++++ MATERIAL FOR THE TASK

(* Let $\mathcal{G}$ be a finite groupoid and let $\mathcal{H}$ and $\mathcal{K}$ be connected wide subgroupoids of $\mathcal{G}$. Then \[|\mathcal{H}\backslash\mathcal{G}/\mathcal{K}|=\langle \chi_{\mathrm{Ind}^\mathcal{G}_\mathcal{H}\mathrm{Tri}},\ \chi_{\mathrm{Ind}^\mathcal{G}_\mathcal{K}\mathrm{Tri}}\rangle.\]
   Context: A groupoid is a category in which every morphism is invertible; all groupoids are finite and nonempty; $\mathcal{C}_0,\mathcal{C}_1$ denote objects and morphisms, $\mathcal{C}_x:=\mathcal{C}(x,x)$ the isotropy group, and $gg'$ the composite $g\circ g'$. A subgroupoid is wide if it contains all objects, connected if any two of its objects are joined by one of its morphisms. For subgroupoids $\mathcal{H},\mathcal{K}$ and $g\in\mathcal{G}_1$, $\mathcal{H}g\mathcal{K}:=\{hgk\mid h\in\mathcal{H}_1,k\in\mathcal{K}_1,\mathrm{dom}\,h=\mathrm{cod}\,g,\mathrm{cod}\,k=\mathrm{dom}\,g\}$, and $\mathcal{H}\backslash\mathcal{G}/\mathcal{K}$ is the set of all such double cosets. A linear representation of a groupoid $\mathcal{C}$ is a functor $\mathcal{C}\to\mathbf{vect}$ (finite-dimensional complex vector spaces). $\mathrm{Tri}:\mathcal{H}\to\mathbf{vect}$ is the trivial representation ($x\mapsto\mathbb{C}$, every morphism $\mapsto\mathrm{id}_\mathbb{C}$). $\mathrm{Ind}^\mathcal{G}_\mathcal{H}:\mathbf{vect}^\mathcal{H}\to\mathbf{vect}^\mathcal{G}$ is the left adjoint of restriction along the inclusion $\mathcal{H}\hookrightarrow\mathcal{G}$ (left Kan extension along the inclusion). For a representation $R$ of $\mathcal{G}$ with representation space $V=\bigoplus_{x\in\mathcal{G}_0}R(x)$, and a morphism $g:x\to y$, let $\hat R(g):V\to V$ be the linear map that is $R(g):R(x)\to R(y)$ on the summand $R(x)$ and zero on the other summands; the character is $\chi_R:\mathcal{G}_1\to\mathbb{C}$, $\chi_R(g):=\mathrm{tr}(\hat R(g))$. The inner product of characters is $\langle\chi_R,\chi_{R'}\rangle:=\frac{1}{|\mathcal{G}_0|}\sum_{x\in\mathcal{G}_0}\langle\chi_R|_{\mathcal{G}_x},\chi_{R'}|_{\mathcal{G}_x}\rangle$, where for functions on the group $\mathcal{G}_x$, $\langle\alpha,\beta\rangle=\frac{1}{|\mathcal{G}_x|}\sum_{g\in\mathcal{G}_x}\alpha(g)\overline{\beta(g)}$. *)

From HB Require Import structures.
From mathcomp Require Import all_boot all_order all_algebra.
Set Implicit Arguments. Unset Strict Implicit. Unset Printing Implicit Defensive.
Import Order.TTheory GRing.Theory Num.Theory.
Local Open Scope ring_scope.

Record groupoid := Groupoid {
  obj : finType;
  ghom : obj -> obj -> finType;
  gcomp : forall x y z, ghom y z -> ghom x y -> ghom x z;
  gid : forall x, ghom x x;
  ginv : forall x y, ghom x y -> ghom y x;
  gcompA : forall x y z w (h : ghom z w) (g : ghom y z) (f : ghom x y),
      gcomp h (gcomp g f) = gcomp (gcomp h g) f;
  gcomp1g : forall x y (f : ghom x y), gcomp (gid y) f = f;
  gcompg1 : forall x y (f : ghom x y), gcomp f (gid x) = f;
  gcompVg : forall x y (f : ghom x y), gcomp (ginv f) f = gid x;
  gcompgV : forall x y (f : ghom x y), gcomp f (ginv f) = gid y;
  obj_nonempty : (0 < #|obj|)%N
}.

Arguments ghom : clear implicits.
Arguments gcomp {G x y z} g f : rename.
Arguments gid {G} x : rename.
Arguments ginv {G x y} f : rename.

Section Groupoids.
Variable G : groupoid.

Definition mor := {p : obj G * obj G & ghom G p.1 p.2}.
Definition mkmor x y (g : ghom G x y) : mor := @Tagged _ (x, y) (fun p => ghom G p.1 p.2) g.

Definition is_subgroupoid (O : {set obj G}) (H : forall x y, {set ghom G x y}) :=
  [/\ (forall x y (g : ghom G x y), g \in H x y -> x \in O /\ y \in O),
      (forall x, x \in O -> gid x \in H x x),
      (forall x y z (g : ghom G y z) (f : ghom G x y),
          g \in H y z -> f \in H x y -> gcomp g f \in H x z) &
      (forall x y (f : ghom G x y), f \in H x y -> ginv f \in H y x)].

Definition wide (O : {set obj G}) := O = [set: obj G].

Definition connected (O : {set obj G}) (H : forall x y, {set ghom G x y}) :=
  forall x y, x \in O -> y \in O -> exists g : ghom G x y, g \in H x y.

Definition dcoset (H K : forall x y, {set ghom G x y}) x y (g : ghom G x y) : {set mor} :=
  [set u : mor | [exists z : obj G, exists w : obj G,
     exists h : ghom G y z, exists k : ghom G w x,
       [&& h \in H y z, k \in K w x & u == mkmor (gcomp h (gcomp g k))]]].

Definition dcoset_of (H K : forall x y, {set ghom G x y}) (u : mor) : {set mor} :=
  dcoset H K (tagged u).

Definition double_cosets (H K : forall x y, {set ghom G x y}) : {set {set mor}} :=
  [set dcoset_of H K u | u : mor].

Variable C : numClosedFieldType.

(* A linear representation of G: a functor G -> vect, with R(x) = C^(rdim x)
   (row vectors) and R(g) : C^(rdim x) -> C^(rdim y), v |-> v *m rmat g. *)
Record rep := Rep {
  rdim : obj G -> nat;
  rmat : forall x y, ghom G x y -> 'M[C]_(rdim x, rdim y)
}.

Definition is_functor (R : rep) :=
  (forall x, rmat R (gid x) = 1%:M) /\
  (forall x y z (g : ghom G y z) (f : ghom G x y),
      rmat R (gcomp g f) = rmat R f *m rmat R g).

Definition is_natural (R S : rep) (t : forall x, 'M[C]_(rdim R x, rdim S x)) :=
  forall x y (g : ghom G x y), rmat R g *m t y = t x *m rmat S g.

Definition Tri_mat : 'M[C]_1 := 1%:M.

Definition is_natural_TriRes (H : forall x y, {set ghom G x y}) (W : rep)
    (t : forall x, 'M[C]_(1, rdim W x)) :=
  forall x y (h : ghom G x y), h \in H x y -> Tri_mat *m t y = t x *m rmat W h.

(* (I, eta) is Ind^G_H Tri: a representation I of G with a universal arrow
   eta : Tri ==> Res^G_H I, i.e. the value at Tri of the left adjoint of
   restriction (determined up to isomorphism by this universal property). *)
Definition is_Ind_Tri (H : forall x y, {set ghom G x y}) (I : rep)
    (eta : forall x, 'M[C]_(1, rdim I x)) :=
  [/\ is_functor I, is_natural_TriRes H eta &
      forall W : rep, is_functor W ->
      forall psi : forall x, 'M[C]_(1, rdim W x), is_natural_TriRes H psi ->
      exists! theta : forall x, 'M[C]_(rdim I x, rdim W x),
        is_natural theta /\ (forall x, eta x *m theta x = psi x)].

(* trace of the block map \hat R(g): the trace of R(g) if g is a loop, else 0 *)
Definition rtrace m n (A : 'M[C]_(m, n)) : C :=
  \sum_(i < m) \sum_(j < n) ((i : nat) == j)%:R * A i j.

Definition character (R : rep) x y (g : ghom G x y) : C :=
  if x == y then rtrace (rmat R g) else 0.

Definition cf_dot (a b : forall x y, ghom G x y -> C) : C :=
  (#|obj G|%:R)^-1 *
  \sum_(x : obj G) ((#|ghom G x x|%:R)^-1 *
                    \sum_(g : ghom G x x) a x x g * (b x x g)^*).

End Groupoids.

From HB Require Import structures.
From mathcomp Require Import all_boot all_order all_algebra all_fingroup.
From Stdlib Require Import FunctionalExtensionality.
Import Order.TTheory GRing.Theory Num.Theory.

(* Fix an object x0. As H is wide and connected, Ind_H Tri is the permutation
   representation of G on the left cosets t H(x0,x0), t : x0 -> x, by left
   composition, and any two universal arrows are isomorphic, so the character
   of Ind_H Tri at a loop a counts the cosets fixed by a. Hence the inner
   product at an object x is the Burnside count of the orbits of the isotropy
   group G(x,x) on pairs (t H(x0,x0), s K(x0,x0)), and these orbits correspond
   bijectively to the double cosets through (t H, s K) |-> H t^-1 s K. *)

Set Implicit Arguments. Unset Strict Implicit. Unset Printing Implicit Defensive.
Local Open Scope ring_scope.

Lemma card_imset_kernel (T U V : finType) (S : {set T}) (f : T -> U) (g : T -> V) :
  {in S &, forall p q, (f p == f q) = (g p == g q)} -> #|f @: S| = #|g @: S|.
Proof.
have card_graph (U' V' : finType) (f' : T -> U') (g' : T -> V') :
    {in S &, forall p q, f' p = f' q -> g' p = g' q} ->
    #|f' @: S| = #|[set (f' p, g' p) | p in S]|.
  move=> fg; rewrite -(card_in_imset (f := fst)) -?imset_comp //.
  by move=> _ _ /imsetP[p pS ->] /imsetP[q qS ->] /= e; rewrite e (fg p q).
move=> fg; rewrite (card_graph _ _ f g) => [|p q pS qS /eqP]; last by rewrite fg // => /eqP.
rewrite (card_graph _ _ g f) => [|p q pS qS /eqP]; last by rewrite -fg // => /eqP.
by rewrite -(card_imset _ (can_inj swap_pairK)) -imset_comp.
Qed.

Lemma rtrace_mxtrace (C : numClosedFieldType) n (A : 'M[C]_n) : rtrace A = \tr A.
Proof.
apply: eq_bigr => i _; rewrite (bigD1 i) //= eqxx mul1r big1 ?addr0 // => j ji.
by rewrite eq_sym (inj_eq val_inj) (negbTE ji) mul0r.
Qed.

Section Groupoid.
Variable G : groupoid.

Lemma ginv_uniq x y (f : ghom G x y) (v : ghom G y x) : gcomp v f = gid x -> v = ginv f.
Proof. by move=> vf; rewrite -[v]gcompg1 -(gcompgV f) gcompA vf gcomp1g. Qed.

Lemma ginvM x y z (g : ghom G y z) (f : ghom G x y) :
  ginv (gcomp g f) = gcomp (ginv f) (ginv g).
Proof.
symmetry; apply: ginv_uniq.
by rewrite gcompA -(gcompA (ginv f)) gcompVg gcompg1 gcompVg.
Qed.

Definition gcompS x y z (g : ghom G y z) (A : {set ghom G x y}) : {set ghom G x z} :=
  [set gcomp g t | t in A].

Lemma gcompSM x y z w (g : ghom G z w) (f : ghom G y z) (A : {set ghom G x y}) :
  gcompS (gcomp g f) A = gcompS g (gcompS f A).
Proof. by rewrite /gcompS -imset_comp; apply: eq_imset => t /=; rewrite gcompA. Qed.

Lemma gcomp1S x y (A : {set ghom G x y}) : gcompS (gid y) A = A.
Proof. by rewrite /gcompS (eq_imset (g := id)) ?imset_id // => t; rewrite gcomp1g. Qed.

Section InducedUniqueness.
Variables (C : numClosedFieldType) (H : forall x y, {set ghom G x y}).

Lemma Ind_Tri_natural_id (I : rep G C) eta (theta : forall x, 'M[C]_(rdim I x, rdim I x)) :
  is_Ind_Tri H (I := I) eta -> is_natural theta -> (forall x, eta x *m theta x = eta x) ->
  forall x, theta x = 1%:M.
Proof.
case=> functorI natural_eta universal natural_theta theta_eta x.
have [lift [_ lift_unique]] := universal I functorI eta natural_eta.
have id_natural : is_natural (fun x => 1%:M : 'M[C]_(rdim I x)).
  by move=> y z g; rewrite mulmx1 mul1mx.
rewrite -(lift_unique theta) // (lift_unique (fun x => 1%:M)) //.
by split=> // y; rewrite mulmx1.
Qed.

Lemma Ind_Tri_rtrace (I1 I2 : rep G C) eta1 eta2 :
  is_Ind_Tri H (I := I1) eta1 -> is_Ind_Tri H (I := I2) eta2 ->
  forall x (a : ghom G x x), rtrace (rmat I1 a) = rtrace (rmat I2 a).
Proof.
move=> ind1 ind2 x a; have [functor1 natural1 universal1] := ind1.
have [functor2 natural2 universal2] := ind2.
have [th [[natural_th th_eta] _]] := universal1 I2 functor2 eta2 natural2.
have [th' [[natural_th' th'_eta] _]] := universal2 I1 functor1 eta1 natural1.
have thK : th x *m th' x = 1%:M.
  apply: (Ind_Tri_natural_id (theta := fun y => th y *m th' y) ind1) => [y z g|y].
    by rewrite mulmxA natural_th -mulmxA natural_th' mulmxA.
  by rewrite mulmxA th_eta th'_eta.
have th'K : th' x *m th x = 1%:M.
  apply: (Ind_Tri_natural_id (theta := fun y => th' y *m th y) ind2) => [y z g|y].
    by rewrite mulmxA natural_th' -mulmxA natural_th mulmxA.
  by rewrite mulmxA th'_eta th_eta.
rewrite !rtrace_mxtrace -[rmat I1 a]mulmx1 -thK mulmxA natural_th -mulmxA.
by rewrite mxtrace_mulC -mulmxA th'K mulmx1.
Qed.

++++++++

**ABOUT THIS EXERCISE:**
Look above for the line containing "group G(x,x) on" and the line containing "by move=> _". Transcribe both, with the lines between them, exactly.

**RESULT OF THE EXERCISE:**
   group G(x,x) on pairs (t H(x0,x0), s K(x0,x0)), and these orbits correspond
   bijectively to the double cosets through (t H, s K) |-> H t^-1 s K. *)

Set Implicit Arguments. Unset Strict Implicit. Unset Printing Implicit Defensive.
Local Open Scope ring_scope.

Lemma card_imset_kernel (T U V : finType) (S : {set T}) (f : T -> U) (g : T -> V) :
  {in S &, forall p q, (f p == f q) = (g p == g q)} -> #|f @: S| = #|g @: S|.
Proof.
have card_graph (U' V' : finType) (f' : T -> U') (g' : T -> V') :
    {in S &, forall p q, f' p = f' q -> g' p = g' q} ->
    #|f' @: S| = #|[set (f' p, g' p) | p in S]|.
  move=> fg; rewrite -(card_in_imset (f := fst)) -?imset_comp //.
  by move=> _ _ /imsetP[p pS ->] /imsetP[q qS ->] /= e; rewrite e (fg p q).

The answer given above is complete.